【2月6日 AFP】2001年9月11日の米同時多発攻撃を象徴する写真の1枚に、当時のジョージ・W・ブッシュ(George W. Bush)大統領と共に写った元消防士のロバート・ベックウィズ(Robert Beckwith)氏が死去した。91歳。ニューヨーク市消防局(FDNY)が5日発表した。

 米同時多発攻撃当時、69歳だったベックウィズ氏はすでに消防士を引退していたが、ハイジャックされた旅客機が突っ込み倒壊した世界貿易センタービル(WTC)へ駆け付け、生存者の救出活動に加わった。

 事件から3日後の9月14日、現地を訪れたブッシュ大統領は消防隊のヘルメットをかぶったベックウィズ氏の肩に手を回し、メガホンで演説した。

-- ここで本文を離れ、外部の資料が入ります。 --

(* Expanding each rho-factor geometrically and each y by its gap turns the level sum into
   the double sum: the level reached at a letter is the sum of [d_j + 1] over the y's to its
   right. *)
Lemma bisum_eq_weight_sum q K w : pi_free w = true -> forall a N, (1 + K * count_y w <= N)%nat ->
  bisum q K w a 0 = sumC (fun k => Cmult (Cpow q (a * k)) (weight q (Some K) (Some K) w k)) N.
Proof.
  induction w as [|x w IH]; intros Hw a N HN; simpl.
  - destruct N as [|N]; [simpl in HN; lia|]. rewrite sumC_S_l.
    rewrite (sumC_ext _ (fun _ => RtoC 0)) by (intros; simpl; ring).
    rewrite sumC_0, Nat.mul_0_r. simpl. ring.
  - destruct x; simpl in Hw; try discriminate.
    + erewrite sumC_ext
        by (intros m _; rewrite (IH Hw (a + S m)%nat N) by (simpl in HN; lia);
            now rewrite Cmult_1_l).
      rewrite sumC_exchange. apply sumC_ext. intros k _. simpl rho_fac.
      rewrite <- sumC_mult_r, <- sumC_mult_l. apply sumC_ext. intros m _.
      rewrite !Cmult_assoc, <- Cpow_add_r. do 2 f_equal. nia.
    + set (g := fun d j => Cmult (Cpow q (a * (j + S d))%nat) (weight q (Some K) (Some K) w j)).
      transitivity (sumC (fun k => sumC (fun d =>
                      if (d <? K)%nat then g d (k - 1 - d)%nat else RtoC 0) k) N).
      * rewrite sumC_triangle. unfold g. apply sumC_ext. intros d Hd.
        rewrite (IH Hw a (N - 1 - d)%nat) by (simpl in HN; nia).
        rewrite <- sumC_mult_l. apply sumC_ext. intros j _.
        rewrite Cmult_assoc, <- Cpow_add_r. do 2 f_equal. nia.
      * apply sumC_ext. intros k _. rewrite <- sumC_mult_l. apply sumC_ext. intros d Hd.
        unfold g. destruct (d <? K)%nat; [|ring].
        now replace (k - 1 - d + S d)%nat with k by lia.
Qed.

Lemma rbisum_eq_rweight_sum r K w : pi_free w = true -> forall N, (1 + K * count_y w <= N)%nat ->
  rbisum r K w 0 0 = sumR (fun k => rweight r (Some K) (Some K) w k) N.
Proof.
  intros Hw N HN. apply RtoC_inj.
  rewrite <- RtoC_rbisum, (bisum_eq_weight_sum _ K w Hw 0 N HN), RtoC_sumR.
  apply sumC_ext. intros. simpl. rewrite RtoC_rweight. ring.
Qed.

この姿を捉えた写真は、911を象徴する1枚となった。

 ブッシュ氏は5日、X(旧ツイッター)への投稿で、WTC跡地の「グラウンド・ゼロ(Ground Zero)で私の隣にボブがいたことを誇りに思う」「彼の勇気は911後のニューヨーカーと米国人のくじけない、強靭な精神を象徴していた」と述べた。

 米同時多発攻撃ではWTC、米国防総省、ペンシルベニア州の3か所で計2977人が死亡、約6300人が負傷した。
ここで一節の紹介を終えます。